Why do you vote the way you do? Is it because of a candidate’s platform or because he or she made a good first impression on you? How do you evaluate an unknown candidate? Well, you may just be surprised by the answer.
Who You Vote for Is a Lot about You
With the mid-term elections behind us and the presidential elections less than two years away, voting behaviors are a hot topic. So, what makes people vote the way they do?
Though we think it’s our watertight logic that determines our ballot decisions, the high-minded stuff has less to do with it than we realize. Prior research has shown that similarity creates liking. That’s to say, we tend to vote for the candidates who remind us of ourselves, not just ideologically, but in terms of our personalities.
Studying the Impact of Personality on Voting Decisions
One recent study, conducted by the University of Vienna, looked at how our choice of politicians may actually be more about us than them. What happens when we know almost nothing about the candidate? What do we go on then?

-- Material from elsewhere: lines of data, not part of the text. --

Lemma psym_defect_ge_rpow :
  vnorm c < 1 ->
  (1 - q) * q / 16 * (rpow (vnorm c) ((2 - sigma) / 2) / sqrt (1 + rpow (vnorm b) sigma))
  <= Rabs (psym sigma a - psym sigma b - psym sigma c).
Proof.
  intros c_lt1.
  pose proof Rpower_2_opp_bounds. pose proof (Rmin_r (vnorm a) (vnorm b)).
  pose proof (prad_defect_ge_rpow (vnorm b) (vnorm c) ltac:(lra) c_lt1).
  pose proof psym_defect_ge. pose proof (vnorm_sum_le a b c abc).
  pose proof (rpow_ge0 (vnorm c) ((2 - sigma) / 2)).
  set (Y := rpow (vnorm c) ((2 - sigma) / 2)) in *.
  assert (den_ge1 : 1 <= sqrt (1 + rpow (vnorm b) sigma)).
  { rewrite <- sqrt_1 at 1. apply sqrt_le_1_alt. pose proof (rpow_ge0 (vnorm b) sigma). lra. }
  assert (Y / sqrt (1 + rpow (vnorm b) sigma) <= Y) by (apply Rdiv_le_of_le_mul; nra).
  assert ((1 - q) * q / 16 * (Y / sqrt (1 + rpow (vnorm b) sigma)) <= (1 - q) * q / 16 * Y)
    by (apply Rmult_le_compat_l; nra).
  assert (0 <= (1 - q) * Y) by (apply Rmult_le_pos; lra).
  assert ((1 - q) * q / 16 * Y <= (1 - q) * Y / 4) by nra.
  lra.
Qed.

End Vectors.

End Radial.

Theorem lemma4p1 :
  forall sigma : R, 0 < sigma < 2 ->
  exists C : R, 0 < C /\
  forall a b c : vec3,
    a = vadd b c ->
    vnorm c <= Rmin (vnorm a) (vnorm b) ->
    1 <= vnorm b ->
    (C * (vnorm c / (1 + rpow (vnorm a * vnorm c) sigma)
          + vnorm c * ((1 - cos (angle a c)) + (1 - cos (angle a b))))
       <= Rabs (psym sigma a - psym sigma b - psym sigma c))
    /\
    (vnorm c < 1 ->
     C * (rpow (vnorm c) ((2 - sigma) / 2) / sqrt (1 + rpow (vnorm b) sigma))
       <= Rabs (psym sigma a - psym sigma b - psym sigma c)).
Proof.
  intros sigma Hsigma.
  pose proof (Rpower_2_opp_bounds sigma Hsigma).
  exists ((1 - Rpower 2 (- sigma)) * Rpower 2 (- sigma) / 16). split; [nra|].
  intros a b c abc Hc Hb.
  destruct (Req_dec (vnorm c) 0) as [c0 | c0].
  - pose proof (Rabs_pos (psym sigma a - psym sigma b - psym sigma c)).
    rewrite c0, rpow_0_l. split; [|intros _]; lra.
  - assert (Hc' : 0 < vnorm c <= Rmin (vnorm a) (vnorm b))
      by (pose proof (vnorm_ge0 c); lra).
    split.
    + exact (psym_defect_ge_angle_terms sigma Hsigma a b c abc Hc' Hb).
    + exact (psym_defect_ge_rpow sigma Hsigma a b c abc Hc' Hb).
Qed.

The study set out to show that people tend to factor their self-perceptions into their vote, regardless of how much information is available. To prove their case, researchers asked participants to perform four tasks: 1) They were to rate themselves using an evaluation designed to measure Big Five dimensions of personality; 2) They were to watch short, silent video clips of unknown politicians; 3) They were to evaluate the politicians on the same scale they used to evaluate themselves; 4) They were asked to estimate the probability that they would vote for each candidate.
As predicted, the researchers found that people are more likely to vote for leaders they perceive to be similar to themselves. And that’s really no surprise since we usually think that our point of view is the most effective for the running of a government. However, we aren’t simply looking for people who think as we do. We prefer politicians who are fundamentally like us.
Similarity Creates Liking
In the study, both the politicians and their stances were unknown to the participants. The candidates were evaluated on the basis of videos with no sound—think of watching a debate or speech with the TV on mute. What the researches found was, in the absence of reliable data, voters will favor candidates who remind them of themselves. And the similarities they look for tend to line up with the dimensions of personality known as the Big Five.
According to the researchers: “Given that similarity creates liking, we assumed that people sometimes use their own personality as a kind of reference point when expressing preferences for others. This effect may be even more pronounced for personality traits people value highly and in situations of low information such as in our experimental setting.”1 For example, if we’re highly conscientious people, we’re likely to vote for candidates who, upon first impression (even if it’s non-verbal), appear to be at least as conscientious as we are.
The Weight of First Impressions
Even though we’ve all been told not to judge a book by its cover, we still do it. Most of us believe we can rely upon our initial assessments, and we’re basically right about that. “People form first impressions on the basis of appearance and other nonverbal cues. Such cues not only elicit quick attributions of personality traits and emotional states but also appear to provide a sufficiently reliable source of information to support accurate assessment of personality,” said the researchers.2 In other words, the cover is actually a pretty good indicator of the book inside.
That means making a great first impression is especially critical for relatively unknown or low-visibility politicians. Time and opportunity are limited as the politician aims to give people what he or she believes they want.
The results confirmed the researchers’ hypothesis that “first impressions and visual appearance cues affect public decision making processes.”3 They expect these results would apply outside the political arena as well. As the researchers mentioned, “The aim of this study was not to show that people are able to make quite reliable guesses about someone else’s personality on the basis of brief displays of behavior, but that people integrate self-perceptions into the guesses they make.”4
As voters, it helps us to be aware of how much we rely upon first impressions, as well as our tendency to vote for those we believe are like us in personality. A politician’s alignment with our own personality doesn’t necessarily make him or her the best candidate for the office.
Koppensteiner, M., Stephan, P. (2014). Voting for a personality: Do first impressions and self-evaluations affect voting decisions? Journal of Research in Personality, 51, 62-68.